Lemma power_graph_adjmxE (R : realType) N op (adj : nat -> nat -> bool) :
  (forall i j, (i < N)%N -> (j < N)%N -> power_adj op i j <-> adj i j) ->
  power_graph_adjmx R N op = \matrix_(i, j < N) (adj i j)%:R.
Proof.
move=> adjE; apply/matrixP=> i j; rewrite !mxE.
by rewrite (asbool_equiv_eq (adjE _ _ (ltn_ord i) (ltn_ord j))) asboolb.
Qed.

Lemma sumr_const_nat_on (V : nmodType) a b (F : nat -> V) c :
  (forall i, (a <= i < b)%N -> F i = c) -> \sum_(a <= i < b) F i = c *+ (b - a).
Proof. by move=> Fc; rewrite (eq_big_nat _ _ Fc) sumr_const_nat. Qed.

Lemma sumr_const_nat_but (V : nmodType) a b j (F : nat -> V) c :
  (a <= j < b)%N -> F j = 0 ->
  (forall i, (a <= i < b)%N -> i != j -> F i = c) ->
  \sum_(a <= i < b) F i = c *+ (b - a).-1.
Proof.
case/andP=> a_le_j j_lt_b Fj0 Fc.
rewrite (big_cat_nat a_le_j (ltnW j_lt_b)) (big_cat_nat (leqnSn j) j_lt_b).
rewrite big_nat1 Fj0 /= add0r.
rewrite !(sumr_const_nat_on (c := c)) -?mulrnDr; first by congr (_ *+ _); lia.
  by move=> i /andP[j_lt_i i_lt_b]; apply: Fc; lia.
by move=> i /andP[a_le_i i_lt_j]; apply: Fc; lia.
Qed.

Lemma complete_graph_left_eigen (R : nzRingType) N :
  const_mx 1 *m \matrix_(i, j < N) ((i : nat) != j)%:R =
  N.-1%:R *: (const_mx 1 : 'rV[R]_N).
Proof.
apply/rowP=> j; rewrite !mxE mulr1.
under eq_bigr do rewrite !mxE mul1r.
rewrite -(big_mkord xpredT (fun i => ((i != j)%:R : R))).
by rewrite (sumr_const_nat_but (j := j) (c := 1)) ?subn0 ?ltn_ord ?eqxx // => i _ ->.
Qed.

Lemma lambda1_power_graph_zmod_pow2 (R : realType) e :
  is_lambda1 (power_graph_adjmx R (2 ^ e) (zmod_op (2 ^ e))) (2 ^ e).-1%:R.
Proof.
rewrite (@power_graph_adjmxE _ _ _ (fun i j => i != j)); last first.
  by move=> i j i_lt j_lt; rewrite power_adj_zmod_pow2 //; split=> /eqP.
apply: (is_lambda1_perron _ _ (complete_graph_left_eigen _ _)); rewrite ?expn_gt0 //.
  by move=> i j; rewrite mxE ler0n.
by move=> j; rewrite mxE ltr01.
Qed.

Definition clique_pendant_weight (R : nzRingType) (m : nat) (y z : R) (i : nat) : R :=
  if i == 0%N then 1 else if (i < m)%N then y else z.
(* For every non-constant total symmetric Boolean function $f:\{0,1\}^n\to\{0,1\}$ with $n\ge 2$, $\mathrm{MM}'(f)=O(\sqrt{t_f\cdot n})$.
   Context: A Boolean function $f:\{0,1\}^n\to\{0,1\}$ is symmetric if $f(x)$ depends only on the Hamming weight $|x|$ (number of ones). For such $f$, $t_f$ is the minimum nonnegative integer $t$ such that $f$ is constant on all inputs $x$ with $t\le|x|\le n-t$. For $f$ with domain $D\subseteq\{0,1\}^n$, \[ \mathrm{MM}'(f)=\min_{w}\max_{x\in D}\sum_{i\in[n]} w(x,i) \] over weight functions $w:D\times[n]\to\mathbb{R}_{\ge0}$ subject to $\sum_{i:x_i\neq y_i} w(x,i)\,w(y,i)\ge 1$ for all $x,y\in D$ with $f(x)\neq f(y)$. *)

From HB Require Import structures.
From mathcomp Require Import all_boot all_order all_algebra.
From mathcomp Require Import all_classical all_reals.
Set Implicit Arguments. Unset Strict Implicit. Unset Printing Implicit Defensive.
Import Order.TTheory GRing.Theory Num.Theory.

Definition input (n : nat) := {ffun 'I_n -> bool}.

Definition hw (n : nat) (x : input n) : nat := #|[set i | x i]|.

Definition symmetric_fn (n : nat) (f : input n -> bool) : Prop :=
  forall x y : input n, hw x = hw y -> f x = f y.

Definition nonconstant (n : nat) (f : input n -> bool) : Prop :=
  exists x y : input n, f x != f y.

Definition const_between (n : nat) (f : input n -> bool) (t : nat) : bool :=
  [forall x : input n, forall y : input n,
     [&& t <= hw x, hw x <= n - t, t <= hw y & hw y <= n - t] ==> (f x == f y)].

Lemma const_between_exists (n : nat) (f : input n -> bool) :
  exists t, const_between f t.
Proof.
exists n.+1; apply/forallP => x; apply/forallP => y; apply/implyP.
case/and4P => h1 h2 _ _.
have : n.+1 <= n - n.+1 by apply: leq_trans h2.
by rewrite subnS subnn.
Qed.

Definition tf (n : nat) (f : input n -> bool) : nat :=
  ex_minn (const_between_exists f).

Local Open Scope ring_scope.

Definition feasible_weight (R : realType) (n : nat) (f : input n -> bool)
    (w : input n -> 'I_n -> R) : Prop :=
  (forall x i, 0 <= w x i) /\
  (forall x y : input n, f x != f y ->
     1 <= \sum_(i < n | x i != y i) w x i * w y i).

(* max_{x in D} sum_i w(x,i)  (all sums are >= 0, so 0 is a neutral start). *)
Definition weight_cost (R : realType) (n : nat) (w : input n -> 'I_n -> R) : R :=
  \big[Num.max/0]_(x : input n) \sum_(i < n) w x i.

(* MM'(f) = min over feasible w of the cost (taken as an infimum). *)
Definition MMprime (R : realType) (n : nat) (f : input n -> bool) : R :=
  inf [set c : R | exists w, feasible_weight f w /\ c = weight_cost w].

From HB Require Import structures.
From mathcomp Require Import all_boot all_order all_algebra.
From mathcomp Require Import all_classical all_reals.
From mathcomp Require Import zify.
Import Order.TTheory GRing.Theory Num.Theory.
Local Open Scope ring_scope.

(* Put s := sqrt (t n) with t := t_f, r := s / n and u := n / s, so r u = 1.
   Every coordinate of x gets weight r, and in addition weight u / Q(|x|) if
   x_i = 1 and u / P(|x|) if x_i = 0, where Q(m) = max(1, m + 1 - t) and
   P(j) = max(1, n + 1 - t - j).  Since |x| <= t Q(|x|) and
   n - |x| <= t P(|x|), the cost of x is at most n r + s + s = 3 s.
   If f x <> f y with |x| < |y|, then |x| < t or |y| > n - t, so the scale
   q = Q(|y|), resp. q = P(|x|), satisfies q <= |y| - |x|.  At the at least
   |y| - |x| coordinates where x_i = 0 and y_i = 1 the product of the weights
   is at least r u / q = 1 / q, so the pair constraint holds. *)

Lemma sumr_const_pred (V : nmodType) (T : finType) (P : pred T) (c : V) :
  \sum_(i | P i) c = c *+ #|[set i | P i]|.
Proof. by rewrite -big_set /= sumr_const. Qed.

Section Inputs.
Context {n : nat}.
Implicit Types x y : input n.

Lemma hw_le x : (hw x <= n)%N.
Proof. by rewrite /hw -[X in (_ <= X)%N](card_ord n) max_card. Qed.

Lemma card_zeros x : #|[set i | ~~ x i]| = (n - hw x)%N.
Proof.
have := cardsC [set i | x i]; rewrite card_ord.
have -> : ~: [set i | x i] = [set i | ~~ x i] by apply/setP => i; rewrite !inE.
rewrite /hw; lia.
Qed.

Lemma hw_subn_le_card_flips x y : (hw y - hw x <= #|[set i | ~~ x i && y i]|)%N.
Proof.
have sub : [set i | y i] \subset [set i | x i] :|: [set i | ~~ x i && y i].
  by apply/fintype.subsetP => i; rewrite !inE; case: (x i).
have := subset_leq_card sub.
have := cardsU [set i | x i] [set i | ~~ x i && y i].
rewrite /hw; lia.
Qed.

End Inputs.

Section WeightFunctions.
Context {R : realType} {n : nat}.
Implicit Types (x y : input n) (w : input n -> 'I_n -> R).

Lemma sum_flips_ge w x y (c : R) : (forall x i, 0 <= w x i) -> 0 <= c ->
    (forall i, ~~ x i -> y i -> c <= w x i * w y i) ->
  c *+ (hw y - hw x) <= \sum_(i | x i != y i) w x i * w y i.
Proof.
move=> w_ge0 c_ge0 c_le.
have flips_le : \sum_(i | ~~ x i && y i) w x i * w y i
    <= \sum_(i | x i != y i) w x i * w y i.
  rewrite [X in X <= _]big_mkcond [X in _ <= X]big_mkcond; apply: ler_sum => i _.
  by case: (x i); case: (y i); rewrite //= mulr_ge0.
apply: le_trans flips_le.
apply: (@le_trans _ _ (c *+ #|[set i | ~~ x i && y i]|)).
  exact/ler_wpMn2l/hw_subn_le_card_flips.
rewrite -sumr_const_pred.
by apply: ler_sum => i /andP[]; apply: c_le.
Qed.

Lemma weight_cost_ge0 w : (forall x i, 0 <= w x i) -> 0 <= weight_cost w.
Proof.
move=> w_ge0; rewrite /weight_cost; elim/big_ind: _ => //.
  by move=> a b a_ge0 _; rewrite le_max a_ge0.
by move=> x _; apply: sumr_ge0.
Qed.

Lemma weight_cost_le w (c : R) : 0 <= c -> (forall x, \sum_i w x i <= c) ->
  weight_cost w <= c.
Proof.
move=> c_ge0 sum_le; rewrite /weight_cost; elim/big_ind: _ => //.
by move=> a b ha hb; rewrite ge_max ha hb.
Qed.

Variable f : input n -> bool.

Lemma MMprime_le_weight_cost w : feasible_weight f w -> MMprime R f <= weight_cost w.
Proof.
move=> feas_w; apply: ge_inf; last by exists w.
by exists 0 => _ [w' [[w'_ge0 _] ->]]; apply: weight_cost_ge0.
Qed.

Lemma feasible_weight_hw_lt w : symmetric_fn f -> (forall x i, 0 <= w x i) ->
    (forall x y, f x != f y -> (hw x < hw y)%N ->
       1 <= \sum_(i | x i != y i) w x i * w y i) ->
  feasible_weight f w.
Proof.
move=> sym_f w_ge0 lt_feas; split=> // x y fxy.
have : hw x != hw y by apply: contra fxy => /eqP /sym_f ->.
case: ltngtP => // lt_yx _; first exact: lt_feas.
rewrite (eq_bigl (fun i => y i != x i)) => [|i]; last by rewrite eq_sym.
under eq_bigr do rewrite mulrC.
by apply: lt_feas; rewrite // eq_sym.
Qed.

End WeightFunctions.

Section Threshold.
Context {n : nat}.
Implicit Types (f : input n -> bool) (x y : input n).

Lemma const_between_tf f : const_between f (tf f).
Proof. by rewrite /tf; case: ex_minnP. Qed.

Lemma const_between_outside f t x y : const_between f t -> f x != f y ->
  (hw x < hw y)%N -> (hw x < t)%N || (n - t < hw y)%N.
Proof.
move=> /forallP /(_ x) /forallP /(_ y) /implyP ct fxy lt_xy.
have : ~~ [&& t <= hw x, hw x <= n - t, t <= hw y & hw y <= n - t]%N.
  by apply: contra fxy => /ct.
case: (leqP t (hw x)); case: (leqP (hw y) (n - t)) => //= *; lia.
Qed.

Lemma tf_gt0 f : nonconstant f -> (0 < tf f)%N.
Proof.
case=> x [y fxy]; rewrite lt0n; apply: contraTneq fxy => tf0.
have := const_between_tf f; rewrite tf0.
move=> /forallP /(_ x) /forallP /(_ y) /implyP const_xy.
by rewrite negbK const_xy // !subn0 !hw_le.
Qed.

End Threshold.

Definition ones_scale (t m : nat) : nat := maxn 1 (m.+1 - t).
Definition zeros_scale (n t j : nat) : nat := maxn 1 (n.+1 - t - j).

Lemma ones_scale_gt0 t m : (0 < ones_scale t m)%N.
Proof. by rewrite leq_maxl. Qed.

Lemma zeros_scale_gt0 n t j : (0 < zeros_scale n t j)%N.
Proof. by rewrite leq_maxl. Qed.

Lemma leq_mul_ones_scale t m : (0 < t)%N -> (m <= t * ones_scale t m)%N.
Proof. rewrite /ones_scale; nia. Qed.

Lemma leq_mul_zeros_scale n t j : (0 < t)%N -> (n - j <= t * zeros_scale n t j)%N.
Proof. rewrite /zeros_scale; nia. Qed.

Lemma ones_scale_le {t j m} : (j < t)%N -> (j < m)%N -> (ones_scale t m <= m - j)%N.
Proof. rewrite /ones_scale; lia. Qed.

Lemma zeros_scale_le {n t j m} : (n - t < m)%N -> (j < m)%N ->
  (zeros_scale n t j <= m - j)%N.
Proof. rewrite /zeros_scale; lia. Qed.

Section SqrtWeight.
Variables (R : realType) (n t : nat).
Hypotheses (n_gt0 : (0 < n)%N) (t_gt0 : (0 < t)%N).

Let s : R := Num.sqrt (t * n)%:R.
Let r : R := s / n%:R.
Let u : R := n%:R / s.

Let s_gt0 : 0 < s. Proof. by rewrite sqrtr_gt0 ltr0n muln_gt0 t_gt0 n_gt0. Qed.
Let r_ge0 : 0 <= r. Proof. by rewrite divr_ge0 ?ler0n // ltW. Qed.
Let u_ge0 : 0 <= u. Proof. by rewrite divr_ge0 ?ler0n // ltW. Qed.

Let mul_ru : r * u = 1.
Proof. by rewrite /r /u mulrA divfK ?pnatr_eq0 -?lt0n // divff ?gt_eqF. Qed.

Let mul_nr : n%:R * r = s.
Proof. by rewrite /r mulrC divfK // pnatr_eq0 -lt0n. Qed.

Let mul_tu : t%:R * u = s.
Proof.
rewrite /u mulrA -natrM; apply: (mulIf (lt0r_neq0 s_gt0)).
by rewrite divfK ?gt_eqF // -expr2 sqr_sqrtr.
Qed.

Let scaled_u_ge0 (q : nat) : 0 <= u / q%:R.
Proof. by rewrite divr_ge0 ?ler0n ?u_ge0. Qed.

Let scaled_u_sum_le (k q : nat) : (0 < q)%N -> (k <= t * q)%N -> (u / q%:R) *+ k <= s.
Proof.
move=> q_gt0 k_le; rewrite -mul_tu -mulr_natl mulrCA [_ * u]mulrC ler_wpM2l ?u_ge0 //.
by rewrite ler_pdivrMr ?ltr0n // -natrM ler_nat.
Qed.

Let mul_scaled_u_ge (q k : nat) : (0 < q)%N -> (q <= k)%N -> 1 <= (r * (u / q%:R)) *+ k.
Proof.
move=> q_gt0 q_le; rewrite mulrA mul_ru mul1r -mulr_natr mulrC.
by rewrite ler_pdivlMr ?ltr0n // mul1r ler_nat.
Qed.

Definition sqrt_weight (x : input n) (i : 'I_n) : R :=
  r + (if x i then u / (ones_scale t (hw x))%:R else u / (zeros_scale n t (hw x))%:R).

Lemma sqrt_weight_ge0 x i : 0 <= sqrt_weight x i.
Proof. by rewrite /sqrt_weight addr_ge0 ?r_ge0 //; case: (x i). Qed.

Lemma sqrt_weight_sum_le x : \sum_i sqrt_weight x i <= 3%:R * s.
Proof.
rewrite big_split /= sumr_const card_ord -[r *+ n]mulr_natl mul_nr (bigID (fun i => x i)) /=.
rewrite (eq_bigr (fun=> u / (ones_scale t (hw x))%:R)) => [|i ->//].
rewrite [X in _ + (_ + X)](eq_bigr (fun=> u / (zeros_scale n t (hw x))%:R)) => [|i /negbTE ->//].
rewrite !sumr_const_pred card_zeros.
have -> : 3%:R * s = s + (s + s) by rewrite mulr_natl 2!mulrS mulr1n.
by rewrite lerD2l lerD // scaled_u_sum_le ?ones_scale_gt0 ?zeros_scale_gt0
  ?leq_mul_ones_scale ?leq_mul_zeros_scale.
Qed.

Lemma sqrt_weight_flips x y : (hw x < hw y)%N -> (hw x < t)%N || (n - t < hw y)%N ->
  1 <= \sum_(i | x i != y i) sqrt_weight x i * sqrt_weight y i.
Proof.
move=> lt_xy outside.
pose c := (r + u / (zeros_scale n t (hw x))%:R) * (r + u / (ones_scale t (hw y))%:R).
have c_ge0 : 0 <= c by rewrite mulr_ge0 // addr_ge0 ?r_ge0.
apply: (@le_trans _ _ (c *+ (hw y - hw x))); last first.
  apply: sum_flips_ge => // [x' i|i /negbTE x0 y1]; first exact: sqrt_weight_ge0.
  by rewrite /sqrt_weight x0 y1.
case/orP: outside => [x_lt|y_gt].
- apply: le_trans (mul_scaled_u_ge _ _ (ones_scale_gt0 t (hw y))
    (ones_scale_le x_lt lt_xy)) _.
  by apply: ler_wMn2r; rewrite /c ler_pM ?r_ge0 ?scaled_u_ge0 ?lerDl ?lerDr.
- apply: le_trans (mul_scaled_u_ge _ _ (zeros_scale_gt0 n t (hw x))
    (zeros_scale_le y_gt lt_xy)) _.
  by apply: ler_wMn2r; rewrite /c mulrC ler_pM ?r_ge0 ?scaled_u_ge0 ?lerDl ?lerDr.
Qed.

End SqrtWeight.

Theorem mainTheorem5 (R : realType) :
  exists C : R, forall (n : nat) (f : input n -> bool),
    (2 <= n)%N -> symmetric_fn f -> nonconstant f ->
    MMprime R f <= C * Num.sqrt (((tf f) * n)%:R).
Proof.
exists 3%:R => n f n_ge2 sym_f nonconst_f.
have n_gt0 : (0 < n)%N by lia.
have t_gt0 := tf_gt0 f nonconst_f.
apply: (@le_trans _ _ (weight_cost (sqrt_weight R n (tf f)))).
  apply/MMprime_le_weight_cost/feasible_weight_hw_lt => // [x i|x y fxy lt_xy].
    exact: sqrt_weight_ge0.
  apply: sqrt_weight_flips => //.
  exact: const_between_outside (const_between_tf f) fxy lt_xy.
apply: weight_cost_le => [|x]; last exact: sqrt_weight_sum_le.
by rewrite mulr_ge0 ?ler0n ?sqrtr_ge0.
Qed.
Definition restrict (t : poly) {A A' C : Type} (sg : A -> A') : pmor (h t A' C) (h t A C) :=
  @PMor (h t A' C) (h t A C)
    (fun psi => @PMor (lin A) (tri t (lin C)) (fun a => onpos psi (sg a))
                                               (fun a w => ondir psi (sg a) w))
    (fun psi w => existT _ (sg (projT1 w)) (projT2 w)).

Lemma left_unit_pointwise t eta mu : monad_left_unit t eta mu -> forall i,
  onpos mu (existT (fun i0 => dir t i0 -> pos t) (onpos eta tt) (fun _ => i)) = i /\
  forall d, existT (dir t) _ d =
    existT (dir t) i (projT2 (ondir mu (existT (fun i0 => dir t i0 -> pos t)
                                          (onpos eta tt) (fun _ => i)) d)).
Proof.
  intros Hunit i.
  assert (Ei : onpos mu (existT (fun i0 => dir t i0 -> pos t) (onpos eta tt)
                                (fun _ => i)) = i)
    by exact (f_equal (fun M : pmor t t => onpos M i) Hunit).
  split; [exact Ei|]. intro d.
  etransitivity; [exact (existT_transport (dir t) _ _ Ei d)|]. f_equal. symmetry.
  exact (pmor_ondir_het _ _ Hunit i d _ (existT_transport (dir t) _ _ Ei d)).
Qed.

Lemma reindex_identity (t : poly) C (m : pos t) (z : {i : pos t & dir t i -> C})
  (g : dir t m -> dir t (projT1 z)) (E : m = projT1 z)
  (Hg : forall d, existT (dir t) m d = existT (dir t) (projT1 z) (g d)) :
  existT (fun i => dir t i -> C) m (fun d => projT2 z (g d)) = z /\
  forall e1 e2, existT (dir (tri t (lin C)))
                  (existT (fun i => dir t i -> C) m (fun d => projT2 z (g d))) e1
              = existT (dir (tri t (lin C))) z e2 -> g (projT1 e1) = projT1 e2.
Proof.
  destruct z as [i c]; simpl in *. subst m.
  assert (g = fun d => d) by (apply functional_extensionality; intro d;
     pose proof (Hg d) as H; apply inj_pair2 in H; now symmetry).
  subst g. split; [reflexivity|]. intros e1 e2 H. apply inj_pair2 in H. now subst.
Qed.

Section PurePoint.
Variables (t : poly) (eta : pmor yy t) (mu : pmor (tri t t) t).
Hypothesis Hunit : monad_left_unit t eta mu.
Variables (A A' C : Type) (sg : A -> A').

Lemma hcomp_pure_pos (psi : pos (h t A' C)) :
  onpos (hcomp t mu A A' C) (pure t eta sg, psi) = onpos (restrict t sg) psi.
Proof.
  apply pmor_lin_ext. intro a. cbn.
  destruct (left_unit_pointwise t eta mu Hunit (projT1 (onpos psi (sg a)))) as [E Hg].
  exact (proj1 (reindex_identity t C _ (onpos psi (sg a)) _ E Hg)).
Qed.

Lemma hcomp_pure_dir (psi : pos (h t A' C))
  (e1 : dir (h t A C) (onpos (hcomp t mu A A' C) (pure t eta sg, psi)))
  (e2 : dir (h t A C) (onpos (restrict t sg) psi)) :
  existT _ _ e1 = existT _ _ e2 ->
  snd (ondir (hcomp t mu A A' C) (pure t eta sg, psi) e1) = ondir (restrict t sg) psi e2.
Proof.
  intro H. apply h_dir_het in H as [Ha H2].
  destruct e1 as [a e1], e2 as [a2 e2]. simpl in Ha, H2. subst a2.
  cbn. f_equal.
  destruct (left_unit_pointwise t eta mu Hunit (projT1 (onpos psi (sg a)))) as [E Hg].
  pose proof (proj2 (reindex_identity t C _ (onpos psi (sg a)) _ E Hg) e1 e2 H2) as K.
  destruct e2 as [d2 u2]. simpl in K. rewrite K.
  change (existT (fun _ : dir t (projT1 (onpos psi (sg a))) => unit) d2 (projT2 e1) =
          existT (fun _ : dir t (projT1 (onpos psi (sg a))) => unit) d2 u2).
  now destruct (projT2 e1), u2.
Qed.
End PurePoint.

Definition pure_tree_pred (t : poly) eta {A A'} (sg : A -> A')
  : list (step (h t A A')) -> pos (h t A A') -> Prop :=
  fun s i => i = pure t eta sg /\ Forall (fun x => projT1 x = pure t eta sg) s.

Lemma pure_tree_wf (t : poly) eta {A A'} (sg : A -> A') :
  is_ptree (h t A A') (pure_tree_pred t eta sg).
Proof.
  unfold pure_tree_pred. split; [|split; [|split]].
  - exists (pure t eta sg). auto.
  - now intros s i i' [-> _] [-> _].
  - intros s i d [-> H]. exists (pure t eta sg). split; [reflexivity|].
    apply Forall_app. split; [exact H|]. now repeat constructor.
  - intros s x j [_ H]. apply Forall_app in H as [H1 H2]. inversion H2; subst. auto.
Qed.

Definition pure_tree (t : poly) eta {A A'} (sg : A -> A') : ptree (h t A A') :=
  exist _ (pure_tree_pred t eta sg) (pure_tree_wf t eta sg).

Definition pure_point (t : poly) eta {A A'} (sg : A -> A') : pmor yy (cofree (h t A A')) :=
  @PMor yy (cofree (h t A A')) (fun _ => pure_tree t eta sg) (fun _ _ => tt).

(* The pure point is a cofunctor: every subtree of a constant tree is the
   same constant tree. *)
Lemma pure_point_cofunctor (t : poly) eta {A A'} (sg : A -> A') :
  is_cofunctor yyC (cofreeC (h t A A')) (pure_point t eta sg).
Proof.
  split.
  - apply pmor_ext; [now intros []|]. now intros [] [] [] _.
  - apply pmor_ext.
    + intros []. simpl. f_equal. apply functional_extensionality. intros [s [i [Hi Hs]]].
      apply ptree_ext. intros u j. simpl. unfold pure_tree_pred. rewrite Forall_app. tauto.
    + now intros [] w1 w2 _.
Qed.
(* Let $\delta,k'$ be non-negative integers with $\delta>k'+1$, and let $r,t$ be non-negative integers such that $\binom{\delta}{2}-k'=\binom{r}{2}+t$ with $0\le t<r$. Then \[\binom{\delta}{3}-\binom{r}{3}-\binom{t}{2}=\sum_{i=2}^{k'+1}(\delta-i).\]
   Context: Binomial coefficients satisfy $\binom{a}{b}=0$ when $0\le a<b$. *)

From mathcomp Require Import all_boot all_order all_algebra.

From mathcomp Require Import all_boot all_order all_algebra.
From mathcomp Require Import zify.
Import GRing.Theory.
Local Open Scope ring_scope.

(* Every n has a unique representation n = C(r, 2) + t with t < r, because
   C(r, 2) + t < C(r + 1, 2).  Write delta = s + 1.  Since
   C(s, 2) < C(delta, 2) - k' <= C(delta, 2), the representation of
   C(delta, 2) - k' is (s, s - k') when k' > 0 and (delta, 0) when k' = 0.
   In the first case Pascal's rule turns the left-hand side into
   C(s, 2) - C(s - k', 2), which the sum telescopes to; in the second case both
   sides vanish. *)

Lemma bin2S n : 'C(n.+1, 2) = ('C(n, 2) + n)%N.
Proof. by rewrite binS bin1. Qed.

Lemma bin2_addn_inj r t s u :
  (t < r)%N -> (u < s)%N -> ('C(r, 2) + t = 'C(s, 2) + u)%N -> r = s /\ t = u.
Proof.
have lt_repr a b c d : (b < a)%N -> (a < c)%N -> ('C(a, 2) + b < 'C(c, 2) + d)%N.
  move=> lt_ba lt_ac; have := leq_bin2l 2 lt_ac; rewrite bin2S; lia.
move=> lt_tr lt_us E; have [lt_rs|lt_sr|eq_rs] := ltngtP r s.
- by have := lt_repr _ _ _ u lt_tr lt_rs; rewrite E ltnn.
- by have := lt_repr _ _ _ t lt_us lt_sr; rewrite E ltnn.
- by split=> //; move: E; rewrite eq_rs => /addnI.
Qed.

Lemma sum_telescope_bin2 n k : (k <= n)%N ->
  \sum_(2 <= i < k.+2) (n.+1%:Z - i%:Z) = ('C(n, 2))%:Z - ('C(n - k, 2))%:Z.
Proof.
elim: k => [|k IH] le_kn; first by rewrite big_geq // subn0 subrr.
rewrite big_nat_recr //= IH ?(ltnW le_kn) //.
have -> : (n - k = (n - k.+1).+1)%N by lia.
rewrite bin2S; lia.
Qed.

Theorem lemma3p7 (delta k' r t : nat) :
  (k'.+1 < delta)%N ->
  ('C(delta, 2))%:Z - k'%:Z = ('C(r, 2))%:Z + t%:Z ->
  (t < r)%N ->
  ('C(delta, 3))%:Z - ('C(r, 3))%:Z - ('C(t, 2))%:Z
    = \sum_(2 <= i < k'.+2) (delta%:Z - i%:Z).
Proof.
case: delta => [|s] // lt_ks E lt_tr.
have Erepr : ('C(s, 2) + s = 'C(r, 2) + t + k')%N by move: E; rewrite bin2S; lia.
case: k' {E} lt_ks Erepr => [|k] lt_ks Erepr.
  have [<- <-] : s.+1 = r /\ 0%N = t.
    by apply: bin2_addn_inj => //; rewrite bin2S; lia.
  by rewrite big_geq // bin0n subrr subr0.
have [<- <-] : s = r /\ (s - k.+1)%N = t by apply: bin2_addn_inj; lia.
rewrite binS sum_telescope_bin2; lia.
Qed.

--------

WHAT YOU SHOULD DO: Each line from the beginning of the listing up to the line where "(forall i, (a <= i < b)%N -> i" appears needs to be given again exactly; please add nothing else.

ANSWER BELOW:
Lemma power_graph_adjmxE (R : realType) N op (adj : nat -> nat -> bool) :
  (forall i j, (i < N)%N -> (j < N)%N -> power_adj op i j <-> adj i j) ->
  power_graph_adjmx R N op = \matrix_(i, j < N) (adj i j)%:R.
Proof.
move=> adjE; apply/matrixP=> i j; rewrite !mxE.
by rewrite (asbool_equiv_eq (adjE _ _ (ltn_ord i) (ltn_ord j))) asboolb.
Qed.

Lemma sumr_const_nat_on (V : nmodType) a b (F : nat -> V) c :
  (forall i, (a <= i < b)%N -> F i = c) -> \sum_(a <= i < b) F i = c *+ (b - a).
Proof. by move=> Fc; rewrite (eq_big_nat _ _ Fc) sumr_const_nat. Qed.

Lemma sumr_const_nat_but (V : nmodType) a b j (F : nat -> V) c :
  (a <= j < b)%N -> F j = 0 ->
  (forall i, (a <= i < b)%N -> i != j -> F i = c) ->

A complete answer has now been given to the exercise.